Istio Circuit Breaker: Disable Faulty Containers

The holidays are over and we're back with our second post in the Istio Service Mesh series.

Istio Circuit Breaker: Disable Faulty Containers

Today's topic is Circuit Breaker, which in translation into Russian electrotechnical means "circuit breaker", in common parlance - "circuit breaker". Only in Istio, this machine does not turn off a shorted or overloaded circuit, but faulty containers.

How it should ideally work

When microservices are managed by Kubernetes, such as within the OpenShift platform, they automatically scale up and down depending on the load. Since microservices run in pods, there can be several instances of a containerized microservice on one endpoint at once, and Kubernetes will route requests and load balance between them. And - ideally - all this should work fine.

We remember that microservices are small and ephemeral. Ephemerality, which here means the ease of arising and disappearing, is often underestimated. The birth and death of the next instance of a microservice in a pod is quite expected, OpenShift and Kubernetes do a good job of it, and everything works great - but again in theory.

How it really works

Now imagine that a particular instance of the microservice, that is, the container, has become unusable: either it does not respond (error 503), or, which is more unpleasant, it reacts, but too slowly.

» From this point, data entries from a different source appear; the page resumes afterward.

Lemma regret_le_residual (pistar pistar_lam pih : polT R S A) (V : valT R S)
    lam (Cc : R) (mu : S -> A -> R) :
  is_policy pistar -> is_policy pistar_lam -> is_policy pih ->
  (forall s a, 0 < pih s a) -> 0 <= lam -> (0 < #|A|)%N ->
  J_lam P Rw d0 gamma lam pistar <= J_lam P Rw d0 gamma lam pistar_lam ->
  (forall s a, 0 <= mu s a) ->
  (forall s a, mu s a = 0 -> occ P d0 gamma pistar_lam s a = 0) ->
  (forall s a, mu s a = 0 -> occ P d0 gamma pih s a = 0) ->
  conc_term P d0 gamma mu pistar_lam <= Cc -> conc_term P d0 gamma mu pih <= Cc ->
  J P Rw d0 gamma pistar - J P Rw d0 gamma pih <=
  lam * ln (#|A|%:R) / (1 - gamma) + 2 * Num.sqrt Cc / (1 - gamma) *
  Num.sqrt (sqnorm mu (fun s a => V s - cons_op P Rw gamma lam pih V s a)).
Proof.
move=> hs hsl hh hpos l0 hA Jmax mu0 sup1 sup2 C1 C2.
case/andP: hg => g0 g1.
set err := fun s a => cons_op P Rw gamma lam pih V s a - V s.
have errE : sqnorm mu (fun s a => V s - cons_op P Rw gamma lam pih V s a) =
    sqnorm mu err.
  by apply: eq_bigr => s _; apply: eq_bigr => a _; rewrite /err -sqrrN opprB.
rewrite errE; set f := Num.sqrt (sqnorm mu err).
have sC (pi : polT R S A) : conc_term P d0 gamma mu pi <= Cc ->
    Num.sqrt (conc_term P d0 gamma mu pi) * f <= Num.sqrt Cc * f.
  have Cc0 : 0 <= Cc := le_trans (weighted_sqsum_ge0 _ mu0) C1.
  by move=> Cpi; rewrite ler_wpM2r ?sqrtr_ge0 // ler_sqrt.
have B1 := le_trans (occ_change_measure err mu0 sup1) (sC _ C1).
have B2 := le_trans (occ_change_measure err mu0 sup2) (sC _ C2).
have gap : J_lam P Rw d0 gamma lam pistar_lam - J_lam P Rw d0 gamma lam pih <=
    (1 - gamma)^-1 * (\sum_s \sum_a occ P d0 gamma pistar_lam s a * err s a
                      - \sum_s \sum_a occ P d0 gamma pih s a * err s a).
  exact: soft_value_gap.
have {}gap : J_lam P Rw d0 gamma lam pistar_lam - J_lam P Rw d0 gamma lam pih <=
    (1 - gamma)^-1 * (2 * Num.sqrt Cc * f).
  apply: le_trans gap _; apply: ler_wpM2l; first by rewrite invr_ge0 subr_ge0 ltW.
  have := ler_norm (\sum_s \sum_a occ P d0 gamma pistar_lam s a * err s a).
  have := ler_norm (- \sum_s \sum_a occ P d0 gamma pih s a * err s a).
  rewrite normrN; lra.
case/andP: (J_le_J_lam hs l0 hA) => Hs _.
case/andP: (J_le_J_lam hh l0 hA) => _ Hh.
have -> : 2 * Num.sqrt Cc / (1 - gamma) * f = (1 - gamma)^-1 * (2 * Num.sqrt Cc * f).
  by ring.
lra.
Qed.
End Regret.

Section Concentration.
Variables (R : realType) (T : finType) (p : T -> R) (n : nat).
Hypothesis p0 : forall x, 0 <= p x.
Hypothesis p1 : \sum_x p x = 1.

Local Notation sampleT := {ffun 'I_n -> T}.
Definition prod_prob (D : sampleT) := \prod_i p (D i).

Lemma prod_prob_ge0 D : 0 <= prod_prob D.
Proof. by apply: prodr_ge0 => i _. Qed.

Lemma sum_prod_prob (F : T -> R) :
  \sum_(D : sampleT) \prod_i F (D i) = (\sum_x F x) ^+ n.
Proof.
rewrite -(bigA_distr_bigA (fun (i : 'I_n) (x : T) => F x)) /=.
by rewrite prodr_const card_ord.
Qed.

Lemma prod_prob_sum1 : \sum_D prod_prob D = 1.
Proof. by rewrite sum_prod_prob p1 expr1n. Qed.

(* Quadratic upper bound of exp on ]-oo, 1/2]: the moment-generating step. *)
Lemma expR_le_quad (z : R) : z <= 1/2 -> expR z <= 1 + z + 2 * z ^+ 2.
Proof.
move=> hz; have h1 : 0 < 1 - z by lra.
have h3 : expR z <= (1 - z)^-1.
  rewrite -[expR z]invrK lef_pV2 ?posrE ?invr_gt0 ?expR_gt0 // -expRN.
  by have := expR_ge1Dx (- z).
apply: le_trans h3 _; rewrite -[X in X <= _]mul1r ler_pdivrMr //.
have : 0 <= z ^+ 2 * (1 - 2 * z) by apply: mulr_ge0; [apply: sqr_ge0 | lra].
nra.
Qed.

Lemma chernoff_bound (Z : T -> R) (l : R) : (forall x, Z x <= 1/2) ->
  \sum_(D : sampleT | n%:R * (\sum_x p x * Z x + 2 * \sum_x p x * Z x ^+ 2) + l
     <= \sum_i Z (D i)) prod_prob D <= expR (- l).
Proof.
move=> hZ; set m := \sum_x p x * Z x; set v := \sum_x p x * Z x ^+ 2.
set thr := n%:R * (m + 2 * v) + l.
apply: le_trans (_ : \sum_(D : sampleT) prod_prob D * expR (\sum_i Z (D i) - thr) <= _).
  rewrite [X in _ <= X](bigID (fun D : sampleT => thr <= \sum_i Z (D i))) /=.
  apply: le_trans (_ : _ <= \sum_(D : sampleT | thr <= \sum_i Z (D i))
      prod_prob D * expR (\sum_i Z (D i) - thr)) _.
    apply: ler_sum => D hD; rewrite -[X in X <= _]mulr1 ler_wpM2l ?prod_prob_ge0 //.
    by apply: le_trans (expR_ge1Dx _); rewrite lerDl subr_ge0.
  by rewrite lerDl; apply: sumr_ge0 => D _; rewrite mulr_ge0 ?prod_prob_ge0 ?expR_ge0.
have mgf : \sum_x p x * expR (Z x) <= expR (m + 2 * v).
  apply: le_trans (expR_ge1Dx _).
  have <- : \sum_x p x * (1 + Z x + 2 * Z x ^+ 2) = 1 + (m + 2 * v).
    transitivity (\sum_x (p x + p x * Z x + 2 * (p x * Z x ^+ 2))).
      by apply: eq_bigr => x _; ring.
    by rewrite !big_split /= p1 -mulr_sumr addrA.
  by apply: ler_sum => x _; rewrite ler_wpM2l // expR_le_quad.
have -> : \sum_(D : sampleT) prod_prob D * expR (\sum_i Z (D i) - thr) =
    expR (- thr) * (\sum_x p x * expR (Z x)) ^+ n.
  rewrite -sum_prod_prob mulr_sumr; apply: eq_bigr => D _.
  by rewrite expRD expR_sum big_split /= /prod_prob; ring.
have mgf0 : 0 <= \sum_x p x * expR (Z x).
  by apply: sumr_ge0 => x _; rewrite mulr_ge0 ?expR_ge0.
apply: le_trans (ler_wpM2l (expR_ge0 _) (lerXn2r _ _ _ mgf)) _.
- by rewrite nnegrE.
- by rewrite nnegrE expR_ge0.
by rewrite -expRM_natl -expRD /thr le_eqVlt; apply/orP; left; apply/eqP;
  congr expR; ring.
Qed.

Lemma has_count_ge1 (I : Type) (ev : I -> bool) (idx : seq I) :
  has ev idx -> 1 <= \sum_(i <- idx) (ev i)%:R :> R.
Proof.
elim: idx => [//|i idx IH] /=; rewrite big_cons.
case: (ev i) => /= H; last by rewrite add0r IH.
by rewrite lerDl; apply: sumr_ge0 => j _; case: (ev j).
Qed.

Lemma union_bound (I : eqType) (ev : I -> sampleT -> bool) (idx : seq I)
    (E : sampleT -> bool) (eta : R) :
  (forall D, ~~ E D -> has (fun i => ev i D) idx) ->
  (forall i, i \in idx -> \sum_(D : sampleT | ev i D) prod_prob D <= eta) ->
  1 - (size idx)%:R * eta <= \sum_(D : sampleT | E D) prod_prob D.
Proof.
move=> hcov hev.
have S1 := prod_prob_sum1; rewrite (bigID E) /= in S1.
suff : \sum_(D : sampleT | ~~ E D) prod_prob D <= (size idx)%:R * eta by lra.
apply: le_trans (_ : _ <= \sum_(D : sampleT) \sum_(i <- idx)
    (ev i D)%:R * prod_prob D) _.
  apply: le_trans (_ : _ <= \sum_(D : sampleT | ~~ E D) \sum_(i <- idx)
      (ev i D)%:R * prod_prob D) _.
    apply: ler_sum => D hD; rewrite -mulr_suml -[X in X <= _]mul1r.
    by rewrite ler_wpM2r ?prod_prob_ge0 //; apply: has_count_ge1; apply: hcov.
  rewrite [X in _ <= X](bigID (fun D => ~~ E D)) /= lerDl.
  apply: sumr_ge0 => D _; apply: sumr_ge0 => i _.
  by apply: mulr_ge0; [case: (ev i D) | exact: prod_prob_ge0].
rewrite exchange_big /=.
have H i : i \in idx -> \sum_(D : sampleT) (ev i D)%:R * prod_prob D <= eta.
  move=> hi; apply: le_trans (hev i hi); rewrite [X in _ <= X]big_mkcond /=.
  by apply: ler_sum => D _; case: (ev i D); rewrite ?mul1r ?mul0r.
elim: idx H {hcov hev} => [|i idx IH] H; first by rewrite big_nil mul0r.
rewrite big_cons /= -addn1 natrD mulrDl mul1r addrC.
apply: lerD; first by apply: IH => j hj; apply: H; rewrite inE hj orbT.
by apply: H; rewrite mem_head.
Qed.
End Concentration.

Section ListExtrema.
Variable R : realType.

Lemma big_select_attained (T : eqType) (op : R -> R -> R) (x0 : R) (l : seq T)
    (f : T -> R) :
  (forall x y, op x y = x \/ op x y = y) ->
  \big[op/x0]_(x <- l) f x = x0 \/
  exists2 x, x \in l & \big[op/x0]_(x <- l) f x = f x.
Proof.
move=> sel; elim: l => [|z l IH]; first by left; rewrite big_nil.
rewrite !big_cons; case: (sel (f z) (\big[op/x0]_(x <- l) f x)) => ->.
  by right; exists z; rewrite ?mem_head.
by case: IH => [->|[x hx ->]]; [left | right; exists x; rewrite // inE hx orbT].
Qed.

Lemma maxl_ge (T : eqType) (d : T) l (f : T -> R) y : y \in l -> f y <= maxl d l f.
Proof. by move=> yl; apply: le_bigmax_seq. Qed.

Lemma minl_attained (T : eqType) (d : T) l (f : T -> R) : l != [::] ->
  exists2 x, x \in l & minl d l f = f x.
Proof.
case: l => [//|z l] _; rewrite /minl /=.
have sel (x y : R) : Num.min x y = x \/ Num.min x y = y.
  by case: (leP x y) => _; [left | right].
by case: (big_select_attained (f z) (z :: l) f sel) => [->|//]; exists z; rewrite ?mem_head.
Qed.

Lemma maxl_attained (T : eqType) (d : T) l (f : T -> R) : l != [::] ->
  exists2 x, x \in l & maxl d l f = f x.
Proof.
case: l => [//|z l] _; rewrite /maxl /=.
have sel (x y : R) : Num.max x y = x \/ Num.max x y = y.
  by case: (leP x y) => _; [right | left].
by case: (big_select_attained (f z) (z :: l) f sel) => [->|//]; exists z; rewrite ?mem_head.
Qed.
End ListExtrema.

Section SampleLosses.
Variables (R : realType) (S A : finType).
Variables (P : S -> A -> S -> R) (Rw : S -> A -> R) (mu : S -> A -> R) (gamma lam : R).
Hypothesis hP : is_kernel P.
Hypothesis hmu : is_dist_SA mu.

Definition sample_prob (x : sample S A) := mu x.1.1 x.1.2 * P x.1.1 x.1.2 x.2.
Definition target (pi : polT R S A) (V : valT R S) (x : sample S A) :=
  Rw x.1.1 x.1.2 + gamma * V x.2 - lam * ln (pi x.1.1 x.1.2).
Definition loss_gap (V : valT R S) (pi g : polT R S A) (x : sample S A) :=
  (V x.1.1 - target pi V x) ^+ 2 - (g x.1.1 x.1.2 - target pi V x) ^+ 2.
Definition bellman_res (V : valT R S) (pi : polT R S A) :=
  sqnorm mu (fun s a => V s - cons_op P Rw gamma lam pi V s a).
Definition fit_res (V : valT R S) (pi g : polT R S A) :=
  sqnorm mu (fun s a => g s a - cons_op P Rw gamma lam pi V s a).
Definition in_range (W : R) (V : valT R S) (pi g : polT R S A) : Prop :=
  [/\ forall s, 0 <= V s <= W, forall s a, 0 <= g s a <= 2 * W &
      forall x, 0 <= target pi V x <= 2 * W].

Lemma sum_sample (F : sample S A -> R) :
  \sum_(x : sample S A) F x = \sum_s \sum_a \sum_s' F ((s, a), s').
Proof.
rewrite (eq_bigr (fun x => F (x.1, x.2))); last by case.
rewrite -(pair_bigA _ (fun q s' => F (q, s'))) /=.
rewrite (eq_bigr (fun q => \sum_s' F ((q.1, q.2), s'))); last by case.
by rewrite -(pair_bigA _ (fun s a => \sum_s' F ((s, a), s'))).
Qed.

Lemma sample_prob_ge0 x : 0 <= sample_prob x.
Proof. by apply: mulr_ge0; [case: hmu | case: (hP x.1.1 x.1.2)]. Qed.

Lemma sum_next_state (s : S) (a : A) (F : S -> A -> R) :
  \sum_s' sample_prob ((s, a), s') * F s a = mu s a * F s a.
Proof.
by rewrite -mulr_suml /sample_prob /= -mulr_sumr; case: (hP s a) => _ ->; rewrite mulr1.
Qed.

Lemma sample_prob_sum1 : \sum_x sample_prob x = 1.
Proof.
case: hmu => _ <-; rewrite sum_sample; apply: eq_bigr => s _; apply: eq_bigr => a _.
by rewrite /sample_prob /= -mulr_sumr; case: (hP s a) => _ ->; rewrite mulr1.
Qed.

Lemma emp_loss_gapE n (D : dataset S A n) V pi g :
  loss_L Rw gamma lam D V pi - loss_R Rw gamma lam D g V pi =
  (\sum_i loss_gap V pi g (D i)) / n%:R.
Proof.
rewrite /loss_L /loss_R -mulrBr -sumrB mulrC; congr (_ * _); apply: eq_bigr => i _.
by rewrite /loss_gap /target; congr (_ - _); congr (_ ^+ 2); ring.
Qed.

Lemma bellman_res_ge0 V pi : 0 <= bellman_res V pi.
Proof. by apply: weighted_sqsum_ge0; case: hmu. Qed.

Lemma fit_res_ge0 V pi g : 0 <= fit_res V pi g.
Proof. by apply: weighted_sqsum_ge0; case: hmu. Qed.

Lemma target_mean pi V s a :
  \sum_s' P s a s' * target pi V ((s, a), s') = cons_op P Rw gamma lam pi V s a.
Proof.
case: (hP s a) => _ h1; rewrite /target /cons_op /PV /=.
transitivity (\sum_s' (P s a s' * (Rw s a - lam * ln (pi s a))
                       + gamma * (P s a s' * V s'))).
  by apply: eq_bigr => s' _; ring.
by rewrite big_split /= -mulr_suml -mulr_sumr h1; ring.
Qed.

(* Mean of the loss difference: the bias of the squared regression target
   cancels between the two terms. *)
Lemma loss_gap_mean V pi g :
  \sum_x sample_prob x * loss_gap V pi g x = bellman_res V pi - fit_res V pi g.
Proof.
rewrite sum_sample /bellman_res /fit_res /sqnorm -sumrB; apply: eq_bigr => s _.
rewrite -sumrB; apply: eq_bigr => a _ /=.
transitivity (mu s a * ((V s - g s a) * (V s + g s a)) -
   mu s a * (2 * (V s - g s a)) * \sum_s' P s a s' * target pi V ((s, a), s')).
  rewrite mulr_sumr -(sum_next_state s a (fun s a => (V s - g s a) * (V s + g s a))).
  by rewrite -sumrB; apply: eq_bigr => s' _; rewrite /loss_gap /sample_prob /=; ring.
by rewrite target_mean; ring.
Qed.

(* Pointwise bounds: X = (v - g)(v + g - 2y) with v in [0,W], g, y in [0,2W]. *)
Lemma loss_gap_pointwise (W v g y : R) :
  0 <= v <= W -> 0 <= g <= 2 * W -> 0 <= y <= 2 * W ->
  ((v - y) ^+ 2 - (g - y) ^+ 2) ^+ 2 <= 16 * W ^+ 2 * (v - g) ^+ 2 /\
  `|(v - y) ^+ 2 - (g - y) ^+ 2| <= 8 * W ^+ 2.
Proof.
move=> /andP [v0 v1] /andP [g0 g1] /andP [y0 y1].
have -> : (v - y) ^+ 2 - (g - y) ^+ 2 = (v - g) * (v + g - 2 * y) by ring.
have h1 : (v + g - 2 * y) ^+ 2 <= 16 * W ^+ 2.
  have : -4 * W <= v + g - 2 * y <= 3 * W by apply/andP; split; lra.
  by move=> /andP [a b]; nra.
have h2 : (v - g) ^+ 2 <= 4 * W ^+ 2.
  have : - 2 * W <= v - g <= W by apply/andP; split; lra.
  by move=> /andP [a b]; nra.
split; first by rewrite exprMn mulrC; apply: ler_wpM2r => //; exact: sqr_ge0.
rewrite -(@ler_pXn2r _ 2) ?nnegrE ?normr_ge0 //; last by nra.
rewrite real_normK ?num_real // exprMn.
have : (v - g) ^+ 2 * (v + g - 2 * y) ^+ 2 <= 4 * W ^+ 2 * (16 * W ^+ 2).
  apply: le_trans (ler_wpM2r (sqr_ge0 _) h2) _.
  by apply: ler_wpM2l => //; nra.
nra.
Qed.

In other words, it bugs or does not respond to requests, but it is not automatically removed from the pool. What should be done in this case? To retry? Remove it from the routing scheme? And what does β€œtoo slow” mean - how much is it in numbers, and who determines them? Maybe just give it a break and try again later? If yes, how much later?

What is Pool Ejection in Istio

And here Istio comes to the rescue with its Circuit Breakers, which temporarily remove faulty containers from the routing and load balancing resource pool by implementing the Pool Ejection procedure.

Using an outlier detection strategy, Istio detects crooked pods that are out of line and removes them from the resource pool for a specified time, which is called the "sleep window" (sleep window).

To show how this works in Kubernetes on the OpenShift platform, let's start with a screenshot of a normally working microservices from the example in the repository Red Hat Developer Demos. Here we have two pods, v1 and v2, each running one container. When Istio routing rules are not used, Kubernetes applies evenly balanced round robin routing by default:

Istio Circuit Breaker: Disable Faulty Containers

Getting ready to crash

Before doing Pool Ejection, you need to create an Istio routing rule. Let's say we want to distribute requests between pods in a 50/50 ratio. In addition, we will increase the number of v2 containers from one to two, like this:

oc scale deployment recommendation-v2 --replicas=2 -n tutorial

Now we set a routing rule so that traffic is distributed between pods in a 50/50 ratio.

Istio Circuit Breaker: Disable Faulty Containers
And here is what the result of this rule looks like:

Istio Circuit Breaker: Disable Faulty Containers
You can find fault with the fact that this screen is not 50/50, but 14:9, but over time the situation will improve.

We arrange a failure

Now let's disable one of the two v2 containers so that we have one healthy v1 container, one healthy v2 container, and one failed v2 container:

Istio Circuit Breaker: Disable Faulty Containers

Fixing a glitch

So, we have a faulty container, and it's time for Pool Ejection. With a very simple config, we will exclude this failed container from any routing schemes for 15 seconds, with the expectation that it will return to a healthy state on its own (either restart or restore performance). Here is what this config looks like and the results of its work:

Istio Circuit Breaker: Disable Faulty Containers
Istio Circuit Breaker: Disable Faulty Containers
As you can see, the failed v2 container is no longer used in request routing, as it has been removed from the pool. But after 15 seconds, it will automatically return to the pool. Actually, we have just shown how Pool Ejection works.

Let's start building architecture

Pool Ejection, combined with the monitoring capabilities of Istio, allows you to start building a framework for automatically replacing failed containers to reduce or even eliminate downtime and failures.
 
NASA has one loud motto - Failure Is Not an Option, which is considered the author of the flight director Gene Krantz. It can be translated into Russian as β€œDefeat is not an option”, and the meaning here is that everything can be made to work, having enough will to do it. However, in real life, failures do not just happen, they are inevitable, everywhere and in everything. And how to deal with them in the case of microservices? In our opinion, it is better to rely not on willpower, but on the capabilities of containers, Kubernetes, Red Hat OpenShiftand Istio.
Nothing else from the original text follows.